Segment Start: Data provided
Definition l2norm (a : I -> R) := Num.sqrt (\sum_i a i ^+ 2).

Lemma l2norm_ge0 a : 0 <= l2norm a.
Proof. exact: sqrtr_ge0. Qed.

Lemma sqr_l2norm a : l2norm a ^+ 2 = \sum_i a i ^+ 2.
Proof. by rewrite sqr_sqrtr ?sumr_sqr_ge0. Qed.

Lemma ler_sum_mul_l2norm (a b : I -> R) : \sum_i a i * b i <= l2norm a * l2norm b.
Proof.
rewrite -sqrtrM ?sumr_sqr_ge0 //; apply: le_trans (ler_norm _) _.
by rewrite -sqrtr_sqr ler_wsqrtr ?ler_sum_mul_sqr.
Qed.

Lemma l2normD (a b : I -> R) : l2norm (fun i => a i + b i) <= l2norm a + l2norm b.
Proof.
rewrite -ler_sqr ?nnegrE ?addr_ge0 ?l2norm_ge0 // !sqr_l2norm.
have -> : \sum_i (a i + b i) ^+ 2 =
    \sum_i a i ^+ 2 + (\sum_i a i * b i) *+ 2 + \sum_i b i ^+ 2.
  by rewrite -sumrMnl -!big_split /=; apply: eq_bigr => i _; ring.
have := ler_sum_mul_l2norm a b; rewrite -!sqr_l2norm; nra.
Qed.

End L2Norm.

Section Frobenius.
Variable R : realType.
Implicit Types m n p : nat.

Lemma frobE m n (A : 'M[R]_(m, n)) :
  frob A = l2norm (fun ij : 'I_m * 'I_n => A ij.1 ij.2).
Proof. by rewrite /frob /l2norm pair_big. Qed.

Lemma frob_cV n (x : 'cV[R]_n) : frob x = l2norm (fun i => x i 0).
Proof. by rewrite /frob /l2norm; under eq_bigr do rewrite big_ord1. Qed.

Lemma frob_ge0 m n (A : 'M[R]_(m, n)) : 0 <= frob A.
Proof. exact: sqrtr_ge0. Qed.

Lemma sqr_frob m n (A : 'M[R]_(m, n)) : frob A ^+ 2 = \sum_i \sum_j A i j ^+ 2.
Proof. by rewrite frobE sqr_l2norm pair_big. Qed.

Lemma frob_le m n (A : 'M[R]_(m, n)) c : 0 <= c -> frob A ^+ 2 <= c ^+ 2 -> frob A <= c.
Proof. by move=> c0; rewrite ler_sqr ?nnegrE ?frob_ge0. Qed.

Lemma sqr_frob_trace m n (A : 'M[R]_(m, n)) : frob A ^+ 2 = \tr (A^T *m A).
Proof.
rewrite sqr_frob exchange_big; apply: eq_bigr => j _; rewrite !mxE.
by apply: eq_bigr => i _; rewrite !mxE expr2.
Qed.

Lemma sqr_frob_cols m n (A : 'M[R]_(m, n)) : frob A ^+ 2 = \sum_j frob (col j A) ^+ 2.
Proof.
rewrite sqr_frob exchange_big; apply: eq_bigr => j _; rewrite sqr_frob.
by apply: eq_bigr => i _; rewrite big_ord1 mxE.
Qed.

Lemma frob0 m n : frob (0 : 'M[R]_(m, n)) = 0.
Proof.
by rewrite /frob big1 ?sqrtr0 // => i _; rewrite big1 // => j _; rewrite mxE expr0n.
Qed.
Segment End: Data provided
Segment Start: Data provided
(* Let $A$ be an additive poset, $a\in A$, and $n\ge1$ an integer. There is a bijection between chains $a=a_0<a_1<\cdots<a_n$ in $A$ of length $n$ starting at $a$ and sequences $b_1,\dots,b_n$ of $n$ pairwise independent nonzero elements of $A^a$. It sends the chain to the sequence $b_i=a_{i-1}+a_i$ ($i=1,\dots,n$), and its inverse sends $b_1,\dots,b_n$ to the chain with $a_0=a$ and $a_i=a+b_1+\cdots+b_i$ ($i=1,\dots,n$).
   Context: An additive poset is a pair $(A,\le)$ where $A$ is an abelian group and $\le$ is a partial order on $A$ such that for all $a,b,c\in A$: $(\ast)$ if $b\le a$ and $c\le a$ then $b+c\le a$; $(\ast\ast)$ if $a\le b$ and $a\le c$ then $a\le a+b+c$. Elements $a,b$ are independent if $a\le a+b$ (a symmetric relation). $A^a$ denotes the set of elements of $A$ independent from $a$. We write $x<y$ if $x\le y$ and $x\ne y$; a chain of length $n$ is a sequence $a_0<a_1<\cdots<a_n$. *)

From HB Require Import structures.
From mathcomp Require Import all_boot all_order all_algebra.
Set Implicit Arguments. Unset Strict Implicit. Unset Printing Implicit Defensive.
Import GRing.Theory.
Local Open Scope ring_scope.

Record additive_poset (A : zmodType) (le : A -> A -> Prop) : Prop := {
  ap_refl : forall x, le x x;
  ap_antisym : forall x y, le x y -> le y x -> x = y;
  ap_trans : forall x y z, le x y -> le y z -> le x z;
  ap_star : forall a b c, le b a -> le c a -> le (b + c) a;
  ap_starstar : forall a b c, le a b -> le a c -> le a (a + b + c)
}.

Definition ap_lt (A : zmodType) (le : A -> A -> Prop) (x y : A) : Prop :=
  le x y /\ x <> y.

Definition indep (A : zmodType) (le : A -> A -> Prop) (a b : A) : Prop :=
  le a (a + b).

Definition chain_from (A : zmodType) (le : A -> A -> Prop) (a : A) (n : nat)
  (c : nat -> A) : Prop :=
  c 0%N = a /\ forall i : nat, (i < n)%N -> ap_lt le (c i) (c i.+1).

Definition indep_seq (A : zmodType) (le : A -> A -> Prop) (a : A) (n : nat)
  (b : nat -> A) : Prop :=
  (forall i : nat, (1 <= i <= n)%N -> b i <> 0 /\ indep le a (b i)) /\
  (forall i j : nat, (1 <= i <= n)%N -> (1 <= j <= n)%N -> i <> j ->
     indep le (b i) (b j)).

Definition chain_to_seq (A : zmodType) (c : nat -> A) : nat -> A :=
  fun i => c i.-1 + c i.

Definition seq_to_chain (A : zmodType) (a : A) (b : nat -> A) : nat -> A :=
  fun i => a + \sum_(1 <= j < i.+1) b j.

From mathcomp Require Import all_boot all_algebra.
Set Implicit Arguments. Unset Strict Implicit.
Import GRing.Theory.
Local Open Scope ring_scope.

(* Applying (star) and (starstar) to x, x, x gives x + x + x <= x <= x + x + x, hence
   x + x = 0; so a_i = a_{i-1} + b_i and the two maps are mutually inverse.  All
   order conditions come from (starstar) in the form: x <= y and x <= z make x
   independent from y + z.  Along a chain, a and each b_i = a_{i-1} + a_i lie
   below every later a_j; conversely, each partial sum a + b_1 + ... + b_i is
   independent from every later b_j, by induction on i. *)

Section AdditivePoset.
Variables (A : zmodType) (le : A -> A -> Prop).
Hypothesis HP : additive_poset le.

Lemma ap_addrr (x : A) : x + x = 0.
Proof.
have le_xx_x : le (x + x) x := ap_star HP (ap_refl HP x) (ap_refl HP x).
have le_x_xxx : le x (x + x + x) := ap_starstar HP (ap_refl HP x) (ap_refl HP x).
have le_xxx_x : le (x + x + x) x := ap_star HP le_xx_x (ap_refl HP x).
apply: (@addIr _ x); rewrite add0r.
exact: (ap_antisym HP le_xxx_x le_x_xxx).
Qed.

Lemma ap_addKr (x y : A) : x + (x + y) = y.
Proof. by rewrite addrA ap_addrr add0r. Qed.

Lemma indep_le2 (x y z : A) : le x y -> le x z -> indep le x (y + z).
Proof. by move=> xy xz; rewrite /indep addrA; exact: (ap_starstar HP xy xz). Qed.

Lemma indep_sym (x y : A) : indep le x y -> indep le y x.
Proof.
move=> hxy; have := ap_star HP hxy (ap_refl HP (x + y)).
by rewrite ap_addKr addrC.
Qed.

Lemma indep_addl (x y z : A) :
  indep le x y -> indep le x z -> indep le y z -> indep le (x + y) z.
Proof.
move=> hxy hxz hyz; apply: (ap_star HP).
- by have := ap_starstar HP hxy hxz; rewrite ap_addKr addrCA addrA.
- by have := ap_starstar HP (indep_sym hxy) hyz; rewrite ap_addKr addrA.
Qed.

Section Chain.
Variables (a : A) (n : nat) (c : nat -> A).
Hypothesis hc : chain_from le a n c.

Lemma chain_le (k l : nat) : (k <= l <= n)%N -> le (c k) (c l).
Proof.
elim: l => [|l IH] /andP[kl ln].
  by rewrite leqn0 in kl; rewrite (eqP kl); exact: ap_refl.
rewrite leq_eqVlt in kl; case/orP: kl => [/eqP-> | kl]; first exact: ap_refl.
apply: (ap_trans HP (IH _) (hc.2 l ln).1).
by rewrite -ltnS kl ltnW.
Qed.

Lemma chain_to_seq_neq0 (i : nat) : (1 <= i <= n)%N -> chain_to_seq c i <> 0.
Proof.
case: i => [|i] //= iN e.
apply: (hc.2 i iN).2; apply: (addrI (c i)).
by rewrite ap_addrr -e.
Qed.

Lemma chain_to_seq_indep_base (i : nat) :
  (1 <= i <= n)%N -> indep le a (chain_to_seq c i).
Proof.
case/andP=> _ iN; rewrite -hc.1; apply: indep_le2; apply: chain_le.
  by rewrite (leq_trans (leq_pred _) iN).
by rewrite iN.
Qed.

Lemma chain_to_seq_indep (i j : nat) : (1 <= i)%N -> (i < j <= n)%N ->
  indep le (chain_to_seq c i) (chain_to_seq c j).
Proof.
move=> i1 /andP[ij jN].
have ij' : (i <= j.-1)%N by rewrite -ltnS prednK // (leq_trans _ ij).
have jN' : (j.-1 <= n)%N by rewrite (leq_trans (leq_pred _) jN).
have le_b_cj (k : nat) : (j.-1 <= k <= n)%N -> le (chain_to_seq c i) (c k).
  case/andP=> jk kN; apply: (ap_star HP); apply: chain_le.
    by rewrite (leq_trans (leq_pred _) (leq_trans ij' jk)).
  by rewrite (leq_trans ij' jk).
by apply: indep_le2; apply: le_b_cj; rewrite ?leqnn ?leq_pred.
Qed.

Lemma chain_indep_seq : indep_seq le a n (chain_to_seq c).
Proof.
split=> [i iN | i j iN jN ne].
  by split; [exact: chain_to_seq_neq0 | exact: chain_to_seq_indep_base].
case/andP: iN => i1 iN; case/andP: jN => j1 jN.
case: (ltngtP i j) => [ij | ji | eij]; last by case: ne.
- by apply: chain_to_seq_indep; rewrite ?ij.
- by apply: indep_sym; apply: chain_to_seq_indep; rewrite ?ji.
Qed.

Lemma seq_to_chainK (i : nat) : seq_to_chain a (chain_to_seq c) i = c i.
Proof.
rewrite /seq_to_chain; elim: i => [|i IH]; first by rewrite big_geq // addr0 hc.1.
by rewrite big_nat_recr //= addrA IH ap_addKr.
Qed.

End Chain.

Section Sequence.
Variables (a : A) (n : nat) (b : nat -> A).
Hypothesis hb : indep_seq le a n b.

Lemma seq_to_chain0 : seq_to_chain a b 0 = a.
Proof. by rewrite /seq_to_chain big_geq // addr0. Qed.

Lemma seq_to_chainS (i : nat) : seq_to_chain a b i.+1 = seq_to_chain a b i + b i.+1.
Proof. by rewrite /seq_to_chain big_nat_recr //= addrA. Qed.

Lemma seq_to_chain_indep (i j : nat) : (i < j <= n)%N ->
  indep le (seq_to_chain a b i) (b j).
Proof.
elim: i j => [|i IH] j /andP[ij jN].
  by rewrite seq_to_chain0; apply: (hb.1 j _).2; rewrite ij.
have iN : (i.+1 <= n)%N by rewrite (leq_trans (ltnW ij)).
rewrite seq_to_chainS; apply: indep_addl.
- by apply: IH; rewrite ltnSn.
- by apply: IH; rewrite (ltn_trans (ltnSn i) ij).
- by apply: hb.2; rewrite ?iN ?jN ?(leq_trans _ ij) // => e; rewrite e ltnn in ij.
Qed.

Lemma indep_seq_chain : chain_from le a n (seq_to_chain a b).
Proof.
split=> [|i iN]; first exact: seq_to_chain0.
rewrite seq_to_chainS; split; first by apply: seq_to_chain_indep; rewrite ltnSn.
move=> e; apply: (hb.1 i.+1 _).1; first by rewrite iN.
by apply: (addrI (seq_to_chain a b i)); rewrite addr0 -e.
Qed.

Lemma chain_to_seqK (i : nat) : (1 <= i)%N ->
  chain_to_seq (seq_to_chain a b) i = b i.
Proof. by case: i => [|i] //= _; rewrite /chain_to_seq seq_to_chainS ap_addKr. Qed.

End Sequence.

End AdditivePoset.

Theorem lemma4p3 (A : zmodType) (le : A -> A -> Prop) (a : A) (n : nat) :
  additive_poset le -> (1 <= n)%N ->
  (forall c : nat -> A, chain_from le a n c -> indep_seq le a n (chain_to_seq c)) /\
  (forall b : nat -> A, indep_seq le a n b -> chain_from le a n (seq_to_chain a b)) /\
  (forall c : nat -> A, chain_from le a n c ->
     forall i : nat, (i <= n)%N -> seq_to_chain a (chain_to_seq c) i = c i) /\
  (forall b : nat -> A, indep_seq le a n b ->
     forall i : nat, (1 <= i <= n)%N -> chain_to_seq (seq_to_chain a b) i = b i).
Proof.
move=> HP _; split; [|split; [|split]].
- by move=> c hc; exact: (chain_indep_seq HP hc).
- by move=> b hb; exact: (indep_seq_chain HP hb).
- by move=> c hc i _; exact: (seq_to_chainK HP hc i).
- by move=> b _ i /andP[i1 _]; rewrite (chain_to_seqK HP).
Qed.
Segment End: Data provided
Segment Start: Data provided
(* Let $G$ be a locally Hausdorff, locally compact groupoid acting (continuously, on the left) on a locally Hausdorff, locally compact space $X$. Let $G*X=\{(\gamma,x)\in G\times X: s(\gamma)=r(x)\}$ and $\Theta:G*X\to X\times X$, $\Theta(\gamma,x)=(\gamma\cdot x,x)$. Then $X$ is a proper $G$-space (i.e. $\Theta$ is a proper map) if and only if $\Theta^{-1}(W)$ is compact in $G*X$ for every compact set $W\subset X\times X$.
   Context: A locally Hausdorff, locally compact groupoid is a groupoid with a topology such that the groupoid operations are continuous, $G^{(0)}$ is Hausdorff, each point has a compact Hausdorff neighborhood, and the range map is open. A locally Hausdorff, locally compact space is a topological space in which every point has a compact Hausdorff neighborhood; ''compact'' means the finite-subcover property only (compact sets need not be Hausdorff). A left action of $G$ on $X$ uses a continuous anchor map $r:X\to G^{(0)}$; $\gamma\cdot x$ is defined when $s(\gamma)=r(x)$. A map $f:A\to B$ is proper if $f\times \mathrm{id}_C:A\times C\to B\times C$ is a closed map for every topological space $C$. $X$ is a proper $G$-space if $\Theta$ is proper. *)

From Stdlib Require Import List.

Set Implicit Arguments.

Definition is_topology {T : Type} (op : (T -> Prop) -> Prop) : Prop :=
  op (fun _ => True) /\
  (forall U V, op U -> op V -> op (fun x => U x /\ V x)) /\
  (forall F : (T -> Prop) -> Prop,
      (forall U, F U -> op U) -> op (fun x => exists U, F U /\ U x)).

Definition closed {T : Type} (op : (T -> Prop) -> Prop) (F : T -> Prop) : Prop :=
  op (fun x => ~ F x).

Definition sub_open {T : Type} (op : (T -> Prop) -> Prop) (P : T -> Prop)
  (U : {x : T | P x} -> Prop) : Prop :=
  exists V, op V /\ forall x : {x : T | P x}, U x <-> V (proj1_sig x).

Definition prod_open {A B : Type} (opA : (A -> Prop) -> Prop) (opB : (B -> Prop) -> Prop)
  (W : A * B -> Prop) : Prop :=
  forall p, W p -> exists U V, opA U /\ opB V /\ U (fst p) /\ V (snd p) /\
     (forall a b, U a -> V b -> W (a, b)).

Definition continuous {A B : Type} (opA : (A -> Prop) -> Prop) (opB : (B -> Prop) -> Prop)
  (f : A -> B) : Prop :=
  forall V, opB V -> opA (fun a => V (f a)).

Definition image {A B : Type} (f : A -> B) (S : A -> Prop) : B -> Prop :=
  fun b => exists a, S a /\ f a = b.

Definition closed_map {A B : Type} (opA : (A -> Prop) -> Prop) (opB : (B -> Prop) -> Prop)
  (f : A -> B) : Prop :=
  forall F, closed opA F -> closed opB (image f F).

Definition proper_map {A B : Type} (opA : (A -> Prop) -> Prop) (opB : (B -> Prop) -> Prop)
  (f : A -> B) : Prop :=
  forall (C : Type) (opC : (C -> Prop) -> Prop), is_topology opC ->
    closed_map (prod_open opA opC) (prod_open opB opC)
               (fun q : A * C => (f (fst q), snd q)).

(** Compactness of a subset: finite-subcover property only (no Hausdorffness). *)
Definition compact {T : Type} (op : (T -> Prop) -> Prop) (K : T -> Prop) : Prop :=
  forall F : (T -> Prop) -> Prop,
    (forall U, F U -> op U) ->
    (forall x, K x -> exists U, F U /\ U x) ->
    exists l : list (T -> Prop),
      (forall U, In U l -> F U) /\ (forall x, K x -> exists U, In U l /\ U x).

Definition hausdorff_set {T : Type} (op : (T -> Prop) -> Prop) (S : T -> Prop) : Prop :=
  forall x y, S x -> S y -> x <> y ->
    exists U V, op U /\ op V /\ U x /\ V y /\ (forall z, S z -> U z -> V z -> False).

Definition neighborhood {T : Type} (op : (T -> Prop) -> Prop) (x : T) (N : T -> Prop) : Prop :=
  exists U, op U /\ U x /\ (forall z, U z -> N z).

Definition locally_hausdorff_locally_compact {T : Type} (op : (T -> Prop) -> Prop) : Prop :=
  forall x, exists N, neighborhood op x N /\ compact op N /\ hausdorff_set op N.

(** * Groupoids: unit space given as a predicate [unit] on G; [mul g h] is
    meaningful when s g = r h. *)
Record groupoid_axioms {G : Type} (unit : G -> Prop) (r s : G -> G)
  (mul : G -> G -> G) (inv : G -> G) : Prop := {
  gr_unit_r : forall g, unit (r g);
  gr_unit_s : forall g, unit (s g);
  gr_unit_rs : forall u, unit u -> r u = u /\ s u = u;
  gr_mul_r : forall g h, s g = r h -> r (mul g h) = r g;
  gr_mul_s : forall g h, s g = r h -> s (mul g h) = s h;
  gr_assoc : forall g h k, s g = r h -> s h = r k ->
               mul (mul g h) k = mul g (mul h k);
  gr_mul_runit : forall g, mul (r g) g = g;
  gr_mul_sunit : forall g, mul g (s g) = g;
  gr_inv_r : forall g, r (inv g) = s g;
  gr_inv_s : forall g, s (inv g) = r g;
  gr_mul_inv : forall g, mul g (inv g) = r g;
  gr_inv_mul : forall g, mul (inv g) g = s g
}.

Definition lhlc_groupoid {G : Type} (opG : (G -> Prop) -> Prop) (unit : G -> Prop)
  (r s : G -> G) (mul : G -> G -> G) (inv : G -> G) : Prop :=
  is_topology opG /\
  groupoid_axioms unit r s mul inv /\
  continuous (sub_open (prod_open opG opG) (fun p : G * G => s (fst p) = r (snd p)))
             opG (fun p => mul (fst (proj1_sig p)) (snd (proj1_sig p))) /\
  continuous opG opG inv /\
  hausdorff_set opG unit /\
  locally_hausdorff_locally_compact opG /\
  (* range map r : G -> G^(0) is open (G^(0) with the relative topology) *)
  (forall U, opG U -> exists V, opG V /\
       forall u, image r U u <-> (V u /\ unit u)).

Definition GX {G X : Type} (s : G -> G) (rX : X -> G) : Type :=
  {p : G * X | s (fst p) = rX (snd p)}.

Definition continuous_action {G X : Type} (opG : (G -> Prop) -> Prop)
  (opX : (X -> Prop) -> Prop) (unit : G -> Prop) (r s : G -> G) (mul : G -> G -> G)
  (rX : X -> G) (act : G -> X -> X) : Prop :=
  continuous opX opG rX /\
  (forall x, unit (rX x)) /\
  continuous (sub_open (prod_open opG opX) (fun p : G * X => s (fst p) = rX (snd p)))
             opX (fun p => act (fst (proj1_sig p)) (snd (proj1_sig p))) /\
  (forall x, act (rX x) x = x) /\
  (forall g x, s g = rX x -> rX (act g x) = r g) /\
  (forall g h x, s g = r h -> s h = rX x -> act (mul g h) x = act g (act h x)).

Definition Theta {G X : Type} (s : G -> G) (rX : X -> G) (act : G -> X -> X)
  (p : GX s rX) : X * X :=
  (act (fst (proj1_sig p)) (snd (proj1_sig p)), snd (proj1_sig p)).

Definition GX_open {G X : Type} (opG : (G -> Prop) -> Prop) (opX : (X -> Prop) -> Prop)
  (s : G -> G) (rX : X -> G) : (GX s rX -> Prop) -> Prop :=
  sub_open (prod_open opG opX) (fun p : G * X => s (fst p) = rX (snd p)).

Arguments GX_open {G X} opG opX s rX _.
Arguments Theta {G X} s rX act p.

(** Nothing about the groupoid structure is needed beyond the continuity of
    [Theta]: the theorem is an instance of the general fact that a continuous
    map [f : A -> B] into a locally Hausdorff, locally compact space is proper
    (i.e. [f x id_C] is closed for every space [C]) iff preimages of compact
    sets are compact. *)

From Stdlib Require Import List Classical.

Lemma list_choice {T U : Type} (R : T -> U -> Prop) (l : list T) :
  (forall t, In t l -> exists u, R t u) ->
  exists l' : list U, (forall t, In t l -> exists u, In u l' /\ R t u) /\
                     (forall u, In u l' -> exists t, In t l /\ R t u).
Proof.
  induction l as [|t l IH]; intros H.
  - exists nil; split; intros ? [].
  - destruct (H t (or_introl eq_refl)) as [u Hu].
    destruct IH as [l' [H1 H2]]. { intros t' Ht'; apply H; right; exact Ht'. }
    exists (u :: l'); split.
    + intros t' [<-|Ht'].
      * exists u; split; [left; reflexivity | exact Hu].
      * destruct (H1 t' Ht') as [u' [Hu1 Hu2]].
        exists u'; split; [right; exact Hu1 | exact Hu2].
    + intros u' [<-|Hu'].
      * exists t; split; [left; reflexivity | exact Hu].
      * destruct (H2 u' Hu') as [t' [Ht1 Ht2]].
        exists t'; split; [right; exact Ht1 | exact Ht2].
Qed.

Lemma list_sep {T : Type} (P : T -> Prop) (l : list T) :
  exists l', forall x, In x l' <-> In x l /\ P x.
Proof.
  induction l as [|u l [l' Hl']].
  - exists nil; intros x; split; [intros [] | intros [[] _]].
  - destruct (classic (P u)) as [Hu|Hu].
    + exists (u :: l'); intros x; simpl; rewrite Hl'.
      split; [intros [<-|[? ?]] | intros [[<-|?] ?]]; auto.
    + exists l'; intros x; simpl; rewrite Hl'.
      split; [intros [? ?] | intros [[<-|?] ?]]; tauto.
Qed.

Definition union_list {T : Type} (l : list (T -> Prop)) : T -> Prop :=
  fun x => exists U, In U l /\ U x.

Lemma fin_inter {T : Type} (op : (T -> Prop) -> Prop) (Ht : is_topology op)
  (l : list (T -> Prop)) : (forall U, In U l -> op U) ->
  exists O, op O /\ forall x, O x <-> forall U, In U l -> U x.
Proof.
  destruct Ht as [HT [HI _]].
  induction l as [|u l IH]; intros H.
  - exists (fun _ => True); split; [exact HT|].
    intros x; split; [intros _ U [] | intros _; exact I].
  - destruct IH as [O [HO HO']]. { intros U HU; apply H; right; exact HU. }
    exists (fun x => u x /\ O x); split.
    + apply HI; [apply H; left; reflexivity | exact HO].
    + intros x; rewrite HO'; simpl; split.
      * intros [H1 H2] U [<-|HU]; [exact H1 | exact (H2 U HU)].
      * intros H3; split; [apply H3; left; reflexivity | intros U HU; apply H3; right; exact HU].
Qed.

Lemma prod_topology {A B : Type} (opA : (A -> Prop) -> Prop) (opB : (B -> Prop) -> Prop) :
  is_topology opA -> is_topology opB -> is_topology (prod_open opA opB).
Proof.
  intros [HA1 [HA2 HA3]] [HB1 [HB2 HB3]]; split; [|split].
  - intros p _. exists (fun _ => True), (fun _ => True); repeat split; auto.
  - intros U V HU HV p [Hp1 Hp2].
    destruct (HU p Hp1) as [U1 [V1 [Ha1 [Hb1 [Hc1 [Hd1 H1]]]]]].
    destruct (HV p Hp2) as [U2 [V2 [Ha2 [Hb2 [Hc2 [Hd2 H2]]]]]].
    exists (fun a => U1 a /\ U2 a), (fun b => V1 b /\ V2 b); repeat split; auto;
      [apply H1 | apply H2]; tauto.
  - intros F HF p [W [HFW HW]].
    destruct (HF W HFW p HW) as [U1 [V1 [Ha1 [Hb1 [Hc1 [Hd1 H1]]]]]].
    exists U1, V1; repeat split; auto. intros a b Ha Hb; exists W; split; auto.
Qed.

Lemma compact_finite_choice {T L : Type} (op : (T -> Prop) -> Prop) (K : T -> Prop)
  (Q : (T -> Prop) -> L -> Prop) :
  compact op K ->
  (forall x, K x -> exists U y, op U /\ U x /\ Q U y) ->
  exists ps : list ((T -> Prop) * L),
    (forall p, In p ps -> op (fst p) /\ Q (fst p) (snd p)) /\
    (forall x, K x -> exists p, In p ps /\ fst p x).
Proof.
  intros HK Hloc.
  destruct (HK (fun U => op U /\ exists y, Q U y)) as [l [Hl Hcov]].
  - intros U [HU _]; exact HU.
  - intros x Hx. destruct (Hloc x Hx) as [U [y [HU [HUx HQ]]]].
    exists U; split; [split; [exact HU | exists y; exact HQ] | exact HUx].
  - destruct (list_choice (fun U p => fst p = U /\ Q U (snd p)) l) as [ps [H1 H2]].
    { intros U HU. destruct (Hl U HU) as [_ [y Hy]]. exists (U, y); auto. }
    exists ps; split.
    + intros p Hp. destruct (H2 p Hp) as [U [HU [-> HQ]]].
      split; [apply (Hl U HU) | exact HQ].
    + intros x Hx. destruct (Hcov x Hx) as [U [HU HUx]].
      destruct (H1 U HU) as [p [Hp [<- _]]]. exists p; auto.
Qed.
Segment End: Data provided
Exercise instructions:
Considering only the data above, return the lines in which "move" occurs.

Exercise response:
Proof. by move=> c0; rewrite ler_sqr ?nnegrE ?frob_ge0. Qed.
Proof. by move=> xy xz; rewrite /indep addrA; exact: (ap_starstar HP xy xz). Qed.
move=> hxy; have := ap_star HP hxy (ap_refl HP (x + y)).
move=> hxy hxz hyz; apply: (ap_star HP).
move=> i1 /andP[ij jN].
move=> e; apply: (hb.1 i.+1 _).1; first by rewrite iN.
move=> HP _; split; [|split; [|split]].
- by move=> c hc; exact: (chain_indep_seq HP hc).
- by move=> b hb; exact: (indep_seq_chain HP hb).
- by move=> c hc i _; exact: (seq_to_chainK HP hc i).
- by move=> b _ i /andP[i1 _]; rewrite (chain_to_seqK HP).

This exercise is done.